Assignment :: Your answer should be the exact lines of the records, starting with the one containing "rewrite mxformE sum_mxtens_index" and running to the end.

Entries supplied ::

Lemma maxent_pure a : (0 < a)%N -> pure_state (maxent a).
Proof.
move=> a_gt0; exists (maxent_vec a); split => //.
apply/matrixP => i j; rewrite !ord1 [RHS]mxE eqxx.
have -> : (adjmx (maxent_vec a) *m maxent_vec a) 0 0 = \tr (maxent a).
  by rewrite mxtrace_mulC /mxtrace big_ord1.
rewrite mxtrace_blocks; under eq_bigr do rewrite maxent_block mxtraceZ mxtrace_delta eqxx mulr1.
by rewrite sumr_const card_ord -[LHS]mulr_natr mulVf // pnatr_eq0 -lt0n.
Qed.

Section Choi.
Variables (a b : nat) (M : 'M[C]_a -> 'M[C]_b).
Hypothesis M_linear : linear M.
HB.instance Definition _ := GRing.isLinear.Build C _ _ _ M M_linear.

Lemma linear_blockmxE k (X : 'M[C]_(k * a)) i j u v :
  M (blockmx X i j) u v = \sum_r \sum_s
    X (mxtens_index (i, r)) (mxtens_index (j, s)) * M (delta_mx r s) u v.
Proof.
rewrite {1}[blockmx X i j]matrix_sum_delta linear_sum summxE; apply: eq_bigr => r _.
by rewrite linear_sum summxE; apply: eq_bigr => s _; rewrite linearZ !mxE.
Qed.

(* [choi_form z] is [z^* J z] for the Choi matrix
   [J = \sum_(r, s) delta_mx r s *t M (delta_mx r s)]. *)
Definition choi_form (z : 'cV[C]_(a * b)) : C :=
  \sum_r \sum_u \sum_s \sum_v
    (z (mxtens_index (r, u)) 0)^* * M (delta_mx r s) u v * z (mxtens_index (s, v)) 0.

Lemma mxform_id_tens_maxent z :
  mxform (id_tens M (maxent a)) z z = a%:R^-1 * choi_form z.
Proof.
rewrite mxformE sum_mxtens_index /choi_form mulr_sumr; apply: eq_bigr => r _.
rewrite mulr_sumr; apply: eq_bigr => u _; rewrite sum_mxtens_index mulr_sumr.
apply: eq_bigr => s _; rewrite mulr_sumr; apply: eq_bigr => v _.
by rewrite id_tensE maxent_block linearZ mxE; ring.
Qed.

Exercise output ::
rewrite mxformE sum_mxtens_index /choi_form mulr_sumr; apply: eq_bigr => r _.
rewrite mulr_sumr; apply: eq_bigr => u _; rewrite sum_mxtens_index mulr_sumr.
apply: eq_bigr => s _; rewrite mulr_sumr; apply: eq_bigr => v _.
by rewrite id_tensE maxent_block linearZ mxE; ring.
Qed.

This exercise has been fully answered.